82    I have considered whether the sentence should be entirely suspended, and decided there is no proper basis to do so. As noted above, this was a deliberate choice made by the respondent. It is in a context where his fear is not based on any specific threats but is of a generalised nature, which carries little weight. There is no evidence that any relevant person knows of the examination. Importantly, given the nature of this offending, coercion and deterrence are dominant sentencing considerations which necessarily means that less weight is given to personal factors. The respondent’s plea that his rehabilitation ought not to be interrupted and that this offending related to that which he has been sentenced ignores the different nature of this offence, and the fact that the contempt charges are a stand-alone offence under the ACC Act. There is one matter which appears to be significant in cases where a lesser sentence than full time custody has been imposed, and that is that the contempt has been purged or, there is no evidence provided that the respondent has any opportunity to do so: see for example, XLVII at [50] and GYP18 at [33], neither of which apply here. The respondent is no doubt aware of the significance of this consideration but has chosen not to do so. In those circumstances, there is no proper basis to suspend the sentence of imprisonment I am about to impose.

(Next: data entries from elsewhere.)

(* Let $m<M$ be real numbers and let $X$ be a random variable taking values in $[m,M]$, either discrete (taking finitely many values $x_1,\dots,x_n\in[m,M]$ with probabilities $p_1,\dots,p_n$) or continuous (with probability density $f$ on $[m,M]$). Let $\mu_1'$ be its mean and $\mu_2,\mu_3,\mu_4$ its second, third and fourth central moments, and assume $\mu_2\neq(\mu_1'-m)(M-\mu_1')$. Then $$\mu_4\le (\mu_1'-m)(M-\mu_1')\mu_2+(m+M-2\mu_1')\mu_3-\frac{\big(\mu_3-(m+M-2\mu_1')\mu_2\big)^2}{(\mu_1'-m)(M-\mu_1')-\mu_2}.$$
   Context: The mean is $\mu_1'=\sum_{i=1}^n p_i x_i$ (discrete case) or $\mu_1'=\int_m^M x f(x)\,dx$ (continuous case), where $\sum p_i=1$, resp. $\int_m^M f(x)\,dx=1$. The $r$-th central moment is $\mu_r=\sum_{i=1}^n p_i (x_i-\mu_1')^r$, resp. $\mu_r=\int_m^M (x-\mu_1')^r f(x)\,dx$. *)

From mathcomp Require Import all_boot all_order all_algebra.
From mathcomp Require Import all_classical all_reals all_analysis.
Set Implicit Arguments. Unset Strict Implicit. Unset Printing Implicit Defensive.
Import Order.TTheory GRing.Theory Num.Theory.
Local Open Scope classical_set_scope.
Local Open Scope ring_scope.

Definition dmean (R : realType) (n : nat) (p x : 'I_n -> R) : R :=
  \sum_(i < n) p i * x i.

Definition dcmoment (R : realType) (n : nat) (p x : 'I_n -> R) (r : nat) : R :=
  \sum_(i < n) p i * (x i - dmean p x) ^+ r.

Definition cmean (R : realType) (m M : R) (f : R -> R) : R :=
  Rintegral lebesgue_measure `[m, M] (fun x => x * f x).

Definition ccmoment (R : realType) (m M : R) (f : R -> R) (r : nat) : R :=
  Rintegral lebesgue_measure `[m, M] (fun x => (x - cmean m M f) ^+ r * f x).

Definition mu4_bound (R : realType) (m M mu mu2 mu3 : R) : R :=
  (mu - m) * (M - mu) * mu2 + (m + M - 2 * mu) * mu3
  - (mu3 - (m + M - 2 * mu) * mu2) ^+ 2 / ((mu - m) * (M - mu) - mu2).

From mathcomp Require Import all_boot all_order all_algebra.
From mathcomp Require Import all_classical all_reals all_analysis.
From mathcomp Require Import ring lra.
Set Implicit Arguments. Unset Strict Implicit. Unset Printing Implicit Defensive.
Import Order.TTheory GRing.Theory Num.Theory.
Local Open Scope classical_set_scope.
Local Open Scope ring_scope.

(** For every real c the weight (X - m)(M - X)(X - mu - c)^2 is nonnegative on
    [m, M], hence so is its expectation.  In terms of the central moments
    mu_0 = 1, mu_1 = 0, mu_2, mu_3, mu_4 this expectation is the quadratic
    (A - mu_2) c^2 - 2 (s mu_2 - mu_3) c + (A mu_2 + s mu_3 - mu_4) in c, where
    A = (mu - m)(M - mu) and s = m + M - 2 mu; its value at the vertex
    c = (s mu_2 - mu_3) / (A - mu_2) is exactly the slack in the bound. *)

Lemma quadratic_ge0_vertex (R : realFieldType) (a b d : R) :
  a != 0 -> (forall c, 0 <= a * c ^+ 2 - 2 * b * c + d) -> b ^+ 2 / a <= d.
Proof.
move=> a_neq0 /(_ (b / a)).
have -> : a * (b / a) ^+ 2 - 2 * b * (b / a) + d = d - b ^+ 2 / a by field.
by rewrite subr_ge0.
Qed.

Definition weight_moment (R : realType) (m M mu c : R) (mom : nat -> R) : R :=
  let A := (mu - m) * (M - mu) in
  let s := m + M - 2 * mu in
  A * c ^+ 2 * mom 0%N + ((s * c ^+ 2 - 2 * c * A) * mom 1%N
  + ((A - c ^+ 2 - 2 * c * s) * mom 2%N + ((2 * c + s) * mom 3%N + -1 * mom 4%N))).

Lemma weight_moment_pow (R : realType) (m M mu c y : R) :
  weight_moment m M mu c (fun j => (y - mu) ^+ j) = (y - m) * (M - y) * (y - mu - c) ^+ 2.
Proof. by rewrite /weight_moment; ring. Qed.

Lemma weight_moment_pow_ge0 (R : realType) (m M mu c y : R) :
  m <= y <= M -> 0 <= weight_moment m M mu c (fun j => (y - mu) ^+ j).
Proof.
move=> /andP[my yM]; rewrite weight_moment_pow.
by apply: mulr_ge0; [apply: mulr_ge0; lra | exact: sqr_ge0].
Qed.

Lemma mu4_le_bound (R : realType) (m M mu : R) (mom : nat -> R) :
  mom 0%N = 1 -> mom 1%N = 0 -> mom 2%N != (mu - m) * (M - mu) ->
  (forall c, 0 <= weight_moment m M mu c mom) ->
  mom 4%N <= mu4_bound m M mu (mom 2%N) (mom 3%N).
Proof.
move=> mom0 mom1 mom2_neq weight_ge0; rewrite /mu4_bound.
set A := (mu - m) * (M - mu); set s := m + M - 2 * mu.
have A_neq : A - mom 2%N != 0 by rewrite subr_eq0 eq_sym.
have quadratic_ge0 c : 0 <= (A - mom 2%N) * c ^+ 2
    - 2 * (s * mom 2%N - mom 3%N) * c + (A * mom 2%N + s * mom 3%N - mom 4%N).
  by have := weight_ge0 c; rewrite /weight_moment -/A -/s mom0 mom1; congr (_ <= _); ring.
have := quadratic_ge0_vertex A_neq quadratic_ge0.
have -> : (mom 3%N - s * mom 2%N) ^+ 2 = (s * mom 2%N - mom 3%N) ^+ 2 by ring.
lra.
Qed.

Section Discrete.
Variables (R : realType) (n : nat) (p x : 'I_n -> R).
Hypothesis p_sum1 : \sum_(i < n) p i = 1.

Lemma dcmoment0 : dcmoment p x 0 = 1.
Proof. by rewrite /dcmoment; under eq_bigr do rewrite expr0 mulr1. Qed.

Lemma dcmoment1 : dcmoment p x 1 = 0.
Proof.
rewrite /dcmoment; under eq_bigr do rewrite expr1 mulrBr.
by rewrite sumrB -mulr_suml p_sum1 mul1r subrr.
Qed.

Lemma weight_moment_dcmoment (m M c : R) :
  weight_moment m M (dmean p x) c (dcmoment p x) =
  \sum_(i < n) p i * weight_moment m M (dmean p x) c (fun j => (x i - dmean p x) ^+ j).
Proof.
rewrite /weight_moment /dcmoment !mulr_sumr -!big_split /=.
by apply: eq_bigr => i _; ring.
Qed.

End Discrete.

Section Continuous.
Variables (R : realType) (m M : R) (f : R -> R).
Hypothesis f_int : lebesgue_measure.-integrable `[m, M] (EFin \o f).

Let mD : measurable (`[m, M] : set (measurableTypeR R)). Proof. exact: measurable_itv. Qed.

Lemma integrable_shifted_pow_mul (k : nat) (a : R) :
  lebesgue_measure.-integrable `[m, M] (EFin \o (fun y => (y - a) ^+ k * f y)).
Proof.
have pow_meas : measurable_fun `[m, M] (fun y : R => (y - a) ^+ k).
  apply: measurable_realfun.measurable_funX.
  by apply: measurable_realfun.measurable_funB => //; exact: measurable_cst.
have pow_bounded : [bounded (y - a) ^+ k | y in `[m, M]].
  exists ((`|m| + `|M| + `|a|) ^+ k); split; first exact: num_real.
  move=> B /ltW/(le_trans _) leB y; rewrite /= in_itv /= => /andP[my yM].
  apply: leB; rewrite normrX lerXn2r ?nnegrE ?normr_ge0 //.
  apply: le_trans (ler_normB y a) _; rewrite lerD2r ler_norml.
  have := ler_norm M; have := normr_ge0 m; have := normr_ge0 M.
  have : - `|m| <= m by rewrite lerNl -normrN ler_norm.
  lra.
have := integrableMr mD pow_meas pow_bounded f_int.
by congr (integrable _ _ _); apply/funext.
Qed.

Lemma integrable_shifted_powZ (a b : R) (k : nat) :
  lebesgue_measure.-integrable `[m, M] (EFin \o (fun y => b * ((y - a) ^+ k * f y))).
Proof.
have := integrableZl mD b (integrable_shifted_pow_mul k a).
by congr (integrable _ _ _); apply/funext.
Qed.

Lemma integrable_shifted_powZD (a b : R) (k : nat) (h : R -> R) :
  lebesgue_measure.-integrable `[m, M] (EFin \o h) ->
  lebesgue_measure.-integrable `[m, M] (EFin \o (fun y => b * ((y - a) ^+ k * f y) + h y)).
Proof.
move=> h_int; have := integrableD mD (integrable_shifted_powZ a b k) h_int.
by congr (integrable _ _ _); apply/funext.
Qed.

Lemma Rintegral_shifted_powZD (a b : R) (k : nat) (h : R -> R) :
  lebesgue_measure.-integrable `[m, M] (EFin \o h) ->
  Rintegral lebesgue_measure `[m, M] (fun y => b * ((y - a) ^+ k * f y) + h y) =
  b * Rintegral lebesgue_measure `[m, M] (fun y => (y - a) ^+ k * f y)
  + Rintegral lebesgue_measure `[m, M] h.
Proof.
move=> h_int; rewrite (RintegralD mD (integrable_shifted_powZ a b k) h_int).
by rewrite -(RintegralZl b mD (integrable_shifted_pow_mul k a)).
Qed.

Lemma weight_moment_ccmoment (c : R) :
  let mu := cmean m M f in
  weight_moment m M mu c (ccmoment m M f) =
  Rintegral lebesgue_measure `[m, M]
    (fun y => weight_moment m M mu c (fun j => (y - mu) ^+ j) * f y).
Proof.
move=> mu; set A := (mu - m) * (M - mu); set s := m + M - 2 * mu.
have -> : Rintegral lebesgue_measure `[m, M]
    (fun y => weight_moment m M mu c (fun j => (y - mu) ^+ j) * f y) =
  Rintegral lebesgue_measure `[m, M] (fun y =>
    A * c ^+ 2 * ((y - mu) ^+ 0 * f y) + ((s * c ^+ 2 - 2 * c * A) * ((y - mu) ^+ 1 * f y)
    + ((A - c ^+ 2 - 2 * c * s) * ((y - mu) ^+ 2 * f y)
    + ((2 * c + s) * ((y - mu) ^+ 3 * f y) + -1 * ((y - mu) ^+ 4 * f y))))).
  by apply: eq_Rintegral => y _; rewrite /weight_moment -/A -/s; ring.
rewrite !Rintegral_shifted_powZD ?(RintegralZl _ mD (integrable_shifted_pow_mul _ _)) //.
all: by repeat first [exact: (integrable_shifted_powZ mu)
                     | apply: (integrable_shifted_powZD mu)].
Qed.

Hypothesis f_total : Rintegral lebesgue_measure `[m, M] f = 1.

Lemma ccmoment0 : ccmoment m M f 0 = 1.
Proof. by rewrite /ccmoment; under eq_Rintegral do rewrite expr0 mul1r. Qed.

Lemma ccmoment1 : ccmoment m M f 1 = 0.
Proof.
rewrite /ccmoment; under eq_Rintegral do rewrite expr1 mulrBl.
have xf_int := integrable_shifted_pow_mul 1 0.
have {}xf_int : lebesgue_measure.-integrable `[m, M] (EFin \o (fun y => y * f y)).
  by move: xf_int; congr (integrable _ _ _); apply/funext => y /=; rewrite subr0 expr1.
have muf_int := integrableZl mD (cmean m M f) f_int.
by rewrite (RintegralB mD xf_int muf_int) (RintegralZl _ mD f_int) f_total mulr1 subrr.
Qed.

End Continuous.

Theorem theorem2p2 (R : realType) (m M : R) (hmM : m < M) :
  (* discrete case *)
  (forall (n : nat) (x p : 'I_n -> R),
     (forall i, m <= x i <= M) ->
     (forall i, 0 <= p i) ->
     \sum_(i < n) p i = 1 ->
     let mu := dmean p x in
     dcmoment p x 2 != (mu - m) * (M - mu) ->
     dcmoment p x 4 <= mu4_bound m M mu (dcmoment p x 2) (dcmoment p x 3))
  /\
  (* continuous case *)
  (forall f : R -> R,
     measurable_fun `[m, M] f ->
     (forall y, y \in `[m, M] -> 0 <= f y) ->
     lebesgue_measure.-integrable `[m, M] (EFin \o f) ->
     Rintegral lebesgue_measure `[m, M] f = 1 ->
     let mu := cmean m M f in
     ccmoment m M f 2 != (mu - m) * (M - mu) ->
     ccmoment m M f 4 <= mu4_bound m M mu (ccmoment m M f 2) (ccmoment m M f 3)).
Proof.
split.
  move=> n x p x_mM p_ge0 p_sum1 mu mom2_neq.
  apply: mu4_le_bound => //; [exact: dcmoment0 | exact: dcmoment1 |].
  move=> c; rewrite weight_moment_dcmoment; apply: sumr_ge0 => i _.
  by apply: mulr_ge0 => //; exact: weight_moment_pow_ge0.
move=> f _ f_ge0 f_int f_total mu mom2_neq.
apply: mu4_le_bound => //; [exact: ccmoment0 | exact: ccmoment1 |].
move=> c; rewrite weight_moment_ccmoment //; apply: Rintegral_ge0 => y y_mM.
apply: mulr_ge0; last exact: f_ge0.
by apply: weight_moment_pow_ge0; move: y_mM; rewrite /= in_itv.
Qed.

83    That said, on the evidence the respondent had made his decision not to purge, regardless of the consequences, which might make it less likely that an indeterminate sentence would coerce him to answer the questions. As noted above, there was a delay in summonsing the respondent to give evidence, which for the reasons I have given, reflects on the urgency of obtaining the information and its potential significance. Given the nature of the events and specific information sought in this case, it is a factor that must be considered when determining the appropriateness of an indefinite sentence.

84    I have taken into account all the submissions put by the applicant and respondent.

85    Having taken into account all relevant matters I sentence you to a term of imprisonment for 8 months to be released after serving 4 months on the basis that the remainder of the sentence is suspended on the basis you are of good behaviour for a period of two years.

86    I order that there be liberty to apply if the respondent choses to purge his contempt before the expiry of 4 months. If that were to occur I would reconsider the period to be served, and subject to any further submissions, would be minded to suspend the remainder of the sentence.

I certify that the preceding eighty-six (86) numbered paragraphs are a true copy of the Reasons for Judgment herein of the Honourable Justice Abraham.